• _PROBLEM STATEMENT_: Begin at the top of the following data. Copy each line exactly until you have copied the line containing "move=> n_gt0; apply/matrixP => i j.".

═══ RECORDS FOR THE TASK ═══

Lemma centred_row_permrel n (z w : 'rV[C]_n) :
  permrel z w -> permrel (centred_row z) (centred_row w).
Proof.
move=> zw; have := baryc_permrel zw; case: zw => s -> bzw; exists s.
by apply/matrixP => i j; rewrite !mxE bzw.
Qed.

Lemma centred_row_affrow n l m (z : 'rV[C]_n) : (0 < n)%N ->
  centred_row (affrow l m z) = l *: centred_row z.
Proof. by move=> n_gt0; apply/matrixP => i j; rewrite !mxE baryc_affrow //; ring. Qed.

Lemma coeffs_a_permrel n (z w : 'rV[C]_n) : permrel z w -> coeffs_a w = coeffs_a z.
Proof.
move=> /centred_row_permrel /root_polyP zw.
by apply/matrixP => i j; rewrite !mxE !centred_polyE zw.
Qed.

Lemma coeffs_a_affrow n l m (z : 'rV[C]_n) : (0 < n)%N ->
  coeffs_a (affrow l m z) = wact l (coeffs_a z).
Proof.
move=> n_gt0; apply/matrixP => i j.
by rewrite !mxE !centred_polyE centred_row_affrow // coef_root_poly_scale.
Qed.

End Centring.

Section DepressedPoly.
Variables (R : realType) (m : nat).
Local Notation C := (Cplx R).
Local Notation n := m.+2.

Definition depressed_poly (a : 'rV[C]_m.+1) : {poly C} :=
  'X^n + \poly_(k < m.+1) a 0 (inord k).

Lemma coef_depressed_poly_lt a (k : 'I_m.+1) : (depressed_poly a)`_k = a 0 k.
Proof.
rewrite coefD coefXn coef_poly ltn_ord inord_val.
by rewrite (_ : (k == n :> nat) = false) ?add0r //; apply/negbTE; rewrite neq_ltn ltnS ltnW.
Qed.

Lemma coef_depressed_poly_ge a j : (m.+1 <= j)%N -> (depressed_poly a)`_j = (j == n)%:R.
Proof. by move=> hj; rewrite coefD coefXn coef_poly ltnNge hj addr0. Qed.

Lemma size_depressed_poly a : size (depressed_poly a) = n.+1.
Proof.
rewrite size_polyDl size_polyXn //.
by apply: leq_ltn_trans (size_poly _ _) _.
Qed.

Lemma monic_depressed_poly a : depressed_poly a \is monic.
Proof.
rewrite monicE lead_coefDl ?lead_coefXn // size_polyXn.
by apply: leq_ltn_trans (size_poly _ _) _.
Qed.

Lemma coef_depressed_poly_wact t a k :
  (depressed_poly (@wact R n t a))`_k = t ^+ (n - k) * (depressed_poly a)`_k.
Proof.
case: (ltnP k m.+1) => hk; first by rewrite !(coef_depressed_poly_lt _ (Ordinal hk)) mxE.
rewrite !coef_depressed_poly_ge //; case: eqP => [->|_]; last by rewrite mulr0.
by rewrite subnn expr0 mulr1.
Qed.

Lemma coef_depressed_polyB a b k : (depressed_poly a - depressed_poly b)`_k =
  if (k < m.+1)%N then a 0 (inord k) - b 0 (inord k) else 0.
Proof. by rewrite coefB !coefD !coef_poly; case: ifP => _; ring. Qed.

Lemma depressed_poly_coefs (P : {poly C}) : P \is monic -> size P = n.+1 -> P`_m.+1 = 0 ->
  P = depressed_poly (\row_(k < m.+1) P`_k).
Proof.
move=> mP sP Pm; apply/polyP => j; case: (ltnP j m.+1) => hj.
  by rewrite (coef_depressed_poly_lt _ (Ordinal hj)) mxE.
rewrite coef_depressed_poly_ge //; case: (ltngtP j n) => hjn.
- by rewrite (_ : j = m.+1) ?Pm //; lia.
- by rewrite nth_default ?sP.
- by rewrite hjn -(monicP mP) lead_coefE sP.
Qed.

Lemma centred_poly_depressed (z : 'rV[C]_n) : centred_poly z = depressed_poly (coeffs_a z).
Proof.
rewrite centred_polyE {1}(@depressed_poly_coefs (root_poly (centred_row z))).
- by congr depressed_poly; apply/matrixP => i j; rewrite !mxE centred_polyE.
- exact: monic_root_poly.
- exact: size_root_poly.
- by rewrite coef_root_poly_pred sum_centred_row ?oppr0.
Qed.

Lemma coeffs_a_eq0 (z : 'rV[C]_n) : coeffs_a z = 0 -> z = const_mx (baryc z).
Proof.
move=> a0; have Xn : root_poly (centred_row z) = 'X^n.
  rewrite -centred_polyE centred_poly_depressed a0; apply/polyP => j.
  case: (ltnP j m.+1) => hj; last by rewrite coef_depressed_poly_ge // coefXn.
  by rewrite (coef_depressed_poly_lt _ (Ordinal hj)) mxE coefXn (_ : (j == n) = false) //; lia.
apply/matrixP => i j; rewrite ord1 mxE.
have : (root_poly (centred_row z)).[centred_row z 0 j] = 0.
  by rewrite horner_prod (bigD1 j) //= hornerXsubC subrr mul0r.
by rewrite Xn hornerXn => /eqP; rewrite expf_eq0 /= mxE subr_eq0 => /eqP.
Qed.

Definition depressed_roots (a : 'rV[C]_m.+1) : 'rV[C]_n :=
  \row_(i < n) (sval (closed_field_poly_normal (depressed_poly a)))`_i.

Lemma root_poly_depressed_roots a : root_poly (depressed_roots a) = depressed_poly a.
Proof.
rewrite /depressed_roots; case: closed_field_poly_normal => r /=.
rewrite (monicP (monic_depressed_poly a)) scale1r => ar.
have sr : size r = n.
  have := congr1 (fun p : {poly C} => size p) ar.
  by rewrite size_depressed_poly size_prod_XsubC => -[].
rewrite ar root_polyE; congr (\prod_(x <- _) _).
rewrite /= -[RHS](mkseq_nth 0) sr /mkseq -val_enum_ord -map_comp.
by apply: eq_map => i /=; rewrite mxE.
Qed.

Lemma baryc_depressed_roots a : baryc (depressed_roots a) = 0.
Proof.
have := coef_root_poly_pred (depressed_roots a).
rewrite root_poly_depressed_roots coef_depressed_poly_ge // (_ : (m.+1 == n) = false); last by lia.
by move/eqP; rewrite eq_sym oppr_eq0 /baryc => /eqP ->; rewrite mul0r.
Qed.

═══

• _ANSWER FOR THIS EXERCISE_:
Lemma centred_row_permrel n (z w : 'rV[C]_n) :
  permrel z w -> permrel (centred_row z) (centred_row w).
Proof.
move=> zw; have := baryc_permrel zw; case: zw => s -> bzw; exists s.
by apply/matrixP => i j; rewrite !mxE bzw.
Qed.

Lemma centred_row_affrow n l m (z : 'rV[C]_n) : (0 < n)%N ->
  centred_row (affrow l m z) = l *: centred_row z.
Proof. by move=> n_gt0; apply/matrixP => i j; rewrite !mxE baryc_affrow //; ring. Qed.

Lemma coeffs_a_permrel n (z w : 'rV[C]_n) : permrel z w -> coeffs_a w = coeffs_a z.
Proof.
move=> /centred_row_permrel /root_polyP zw.
by apply/matrixP => i j; rewrite !mxE !centred_polyE zw.
Qed.

Lemma coeffs_a_affrow n l m (z : 'rV[C]_n) : (0 < n)%N ->
  coeffs_a (affrow l m z) = wact l (coeffs_a z).
Proof.
move=> n_gt0; apply/matrixP => i j.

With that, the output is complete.